* Task instructions:
Copy exactly the lines from the start of the data below through the one that carries "0 < d1 < 2 -> 0 < d2 < 2 -> 0 < d3 < 2 ->", and only those.
··········
Lemma fgh3_pos a b c th1 th2 th3 :
  ccw_xy a b c -> 0 < pdist b a < 2 -> 0 < pdist c b < 2 ->
  seg_tri_sign a (apex a b c th1) b (apex b c a th2) c = 1%Z ->
  0 < f3 (pdist b a) (pdist c b) (pdist a c) th1 th2 th3 /\
  0 < g3 (pdist b a) (pdist c b) (pdist a c) th1 th2 th3 /\
  0 < hh3 (pdist b a) (pdist c b) (pdist a c) th1 th2 th3.
Proof.
  intros Habc Hd1 Hd2 Hk.
  destruct (seg_tri_sign_pos_vols _ _ _ _ _ Hk) as (Vh & Vf & Vg).
  assert (S1 : 0 < pdist b a * sqrt (4 - pdist b a ^ 2))
    by (apply Rmult_lt_0_compat; [lra | apply sqrt_lt_R0; nra]).
  assert (S2 : 0 < pdist c b * sqrt (4 - pdist c b ^ 2))
    by (apply Rmult_lt_0_compat; [lra | apply sqrt_lt_R0; nra]).
  pose proof (g3_apex a b c th1 th2 th3 Habc) as Eg.
  pose proof (hh3_apex a b c th1 th2 th3 Habc) as Eh.
  rewrite (f3_apex a b c th1 th2 th3 Habc).
  repeat split.
  - repeat apply Rmult_lt_0_compat; lra.
  - apply (Rmult_lt_reg_r _ _ _ S2); rewrite Rmult_0_l, Eg; lra.
  - apply (Rmult_lt_reg_r _ _ _ S1); rewrite Rmult_0_l, Eh; lra.
Qed.

Lemma dd_rot d1 d2 d3 : dd d2 d3 d1 = dd d1 d2 d3.
Proof. unfold dd; f_equal; ring. Qed.

Lemma fgh1_rot d1 d2 d3 t1 t2 t3 :
  f1 d1 d2 d3 t1 t2 t3 = f3 d2 d3 d1 t2 t3 t1 /\
  g1 d1 d2 d3 t1 t2 t3 = g3 d2 d3 d1 t2 t3 t1 /\
  hh1 d1 d2 d3 t1 t2 t3 = hh3 d2 d3 d1 t2 t3 t1.
Proof.
  unfold f1, g1, hh1, f3, g3, hh3; cbv zeta; unfold Rdiv; rewrite (dd_rot d1 d2 d3).
  repeat split; ring.
Qed.

Lemma fgh2_rot d1 d2 d3 t1 t2 t3 :
  f2 d1 d2 d3 t1 t2 t3 = f3 d3 d1 d2 t3 t1 t2 /\
  g2 d1 d2 d3 t1 t2 t3 = g3 d3 d1 d2 t3 t1 t2 /\
  hh2 d1 d2 d3 t1 t2 t3 = hh3 d3 d1 d2 t3 t1 t2.
Proof.
  unfold f2, g2, hh2, f3, g3, hh3; cbv zeta; unfold Rdiv.
  rewrite (dd_rot d2 d3 d1), (dd_rot d1 d2 d3).
  replace (2 * d3 * d1) with (2 * d1 * d3) by ring.
  repeat split; ring.
Qed.

Theorem mainTheorem4 (H : hexagon) (d1 d2 d3 t1 t2 t3 : R) :
  equilateral H -> embedded H -> standard_position H ->
  ~ collinear (h1 H) (h3 H) (h5 H) ->
  d1 = pdist (h3 H) (h1 H) -> d2 = pdist (h5 H) (h3 H) -> d3 = pdist (h1 H) (h5 H) ->
  0 < d1 < 2 -> 0 < d2 < 2 -> 0 < d3 < 2 ->
  0 <= t1 < 2 * PI -> 0 <= t2 < 2 * PI -> 0 <= t3 < 2 * PI ->
  angle_rel (h1 H) (h3 H) (h5 H) (h2 H) t1 ->
  angle_rel (h3 H) (h5 H) (h1 H) (h4 H) t2 ->
  angle_rel (h5 H) (h1 H) (h3 H) (h6 H) t3 ->
  JCC H = (1%Z, 1%Z) ->
  0 < f1 d1 d2 d3 t1 t2 t3 /\ 0 < g1 d1 d2 d3 t1 t2 t3 /\ 0 < hh1 d1 d2 d3 t1 t2 t3 /\
  0 < f2 d1 d2 d3 t1 t2 t3 /\ 0 < g2 d1 d2 d3 t1 t2 t3 /\ 0 < hh2 d1 d2 d3 t1 t2 t3 /\
  0 < f3 d1 d2 d3 t1 t2 t3 /\ 0 < g3 d1 d2 d3 t1 t2 t3 /\ 0 < hh3 d1 d2 d3 t1 t2 t3.
Proof.
  intros _ _ Hstd _ -> -> -> Hd1 Hd2 Hd3 _ _ _ E2 E4 E6 HJ.
  pose proof (standard_position_ccw_xy H Hstd) as T1.
  destruct (JCC_one H HJ) as [Hcurl Hprod].
  destruct H as [v1 v2 v3 v4 v5 v6]; cbn [h1 h2 h3 h4 h5 h6] in *.
  rewrite Delta2_hex, Delta4_hex, Delta6_hex in Hprod.
  destruct (hexagon_crossings _ _ _ _ _ _ Hcurl Hprod) as (C2 & C4 & C6).
  change (v2 = apex v1 v3 v5 t1) in E2; change (v4 = apex v3 v5 v1 t2) in E4;
    change (v6 = apex v5 v1 v3 t3) in E6; subst v2 v4 v6.
  pose proof (ccw_xy_rot _ _ _ T1) as T2; pose proof (ccw_xy_rot _ _ _ T2) as T3.
  destruct (fgh3_pos _ _ _ t1 t2 t3 T1 Hd1 Hd2 C2) as (F3 & G3 & K3).
  destruct (fgh3_pos _ _ _ t2 t3 t1 T2 Hd2 Hd3 C4) as (F1 & G1 & K1).
  destruct (fgh3_pos _ _ _ t3 t1 t2 T3 Hd3 Hd1 C6) as (F2 & G2 & K2).
  destruct (fgh1_rot (pdist v3 v1) (pdist v5 v3) (pdist v1 v5) t1 t2 t3) as (-> & -> & ->).
  destruct (fgh2_rot (pdist v3 v1) (pdist v5 v3) (pdist v1 v5) t1 t2 t3) as (-> & -> & ->).
  tauto.
Qed.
··········
* Task output:
Lemma fgh3_pos a b c th1 th2 th3 :
  ccw_xy a b c -> 0 < pdist b a < 2 -> 0 < pdist c b < 2 ->
  seg_tri_sign a (apex a b c th1) b (apex b c a th2) c = 1%Z ->
  0 < f3 (pdist b a) (pdist c b) (pdist a c) th1 th2 th3 /\
  0 < g3 (pdist b a) (pdist c b) (pdist a c) th1 th2 th3 /\
  0 < hh3 (pdist b a) (pdist c b) (pdist a c) th1 th2 th3.
Proof.
  intros Habc Hd1 Hd2 Hk.
  destruct (seg_tri_sign_pos_vols _ _ _ _ _ Hk) as (Vh & Vf & Vg).
  assert (S1 : 0 < pdist b a * sqrt (4 - pdist b a ^ 2))
    by (apply Rmult_lt_0_compat; [lra | apply sqrt_lt_R0; nra]).
  assert (S2 : 0 < pdist c b * sqrt (4 - pdist c b ^ 2))
    by (apply Rmult_lt_0_compat; [lra | apply sqrt_lt_R0; nra]).
  pose proof (g3_apex a b c th1 th2 th3 Habc) as Eg.
  pose proof (hh3_apex a b c th1 th2 th3 Habc) as Eh.
  rewrite (f3_apex a b c th1 th2 th3 Habc).
  repeat split.
  - repeat apply Rmult_lt_0_compat; lra.
  - apply (Rmult_lt_reg_r _ _ _ S2); rewrite Rmult_0_l, Eg; lra.
  - apply (Rmult_lt_reg_r _ _ _ S1); rewrite Rmult_0_l, Eh; lra.
Qed.

Lemma dd_rot d1 d2 d3 : dd d2 d3 d1 = dd d1 d2 d3.
Proof. unfold dd; f_equal; ring. Qed.

Lemma fgh1_rot d1 d2 d3 t1 t2 t3 :
  f1 d1 d2 d3 t1 t2 t3 = f3 d2 d3 d1 t2 t3 t1 /\
  g1 d1 d2 d3 t1 t2 t3 = g3 d2 d3 d1 t2 t3 t1 /\
  hh1 d1 d2 d3 t1 t2 t3 = hh3 d2 d3 d1 t2 t3 t1.
Proof.
  unfold f1, g1, hh1, f3, g3, hh3; cbv zeta; unfold Rdiv; rewrite (dd_rot d1 d2 d3).
  repeat split; ring.
Qed.

Lemma fgh2_rot d1 d2 d3 t1 t2 t3 :
  f2 d1 d2 d3 t1 t2 t3 = f3 d3 d1 d2 t3 t1 t2 /\
  g2 d1 d2 d3 t1 t2 t3 = g3 d3 d1 d2 t3 t1 t2 /\
  hh2 d1 d2 d3 t1 t2 t3 = hh3 d3 d1 d2 t3 t1 t2.
Proof.
  unfold f2, g2, hh2, f3, g3, hh3; cbv zeta; unfold Rdiv.
  rewrite (dd_rot d2 d3 d1), (dd_rot d1 d2 d3).
  replace (2 * d3 * d1) with (2 * d1 * d3) by ring.
  repeat split; ring.
Qed.

Theorem mainTheorem4 (H : hexagon) (d1 d2 d3 t1 t2 t3 : R) :
  equilateral H -> embedded H -> standard_position H ->
  ~ collinear (h1 H) (h3 H) (h5 H) ->
  d1 = pdist (h3 H) (h1 H) -> d2 = pdist (h5 H) (h3 H) -> d3 = pdist (h1 H) (h5 H) ->
  0 < d1 < 2 -> 0 < d2 < 2 -> 0 < d3 < 2 ->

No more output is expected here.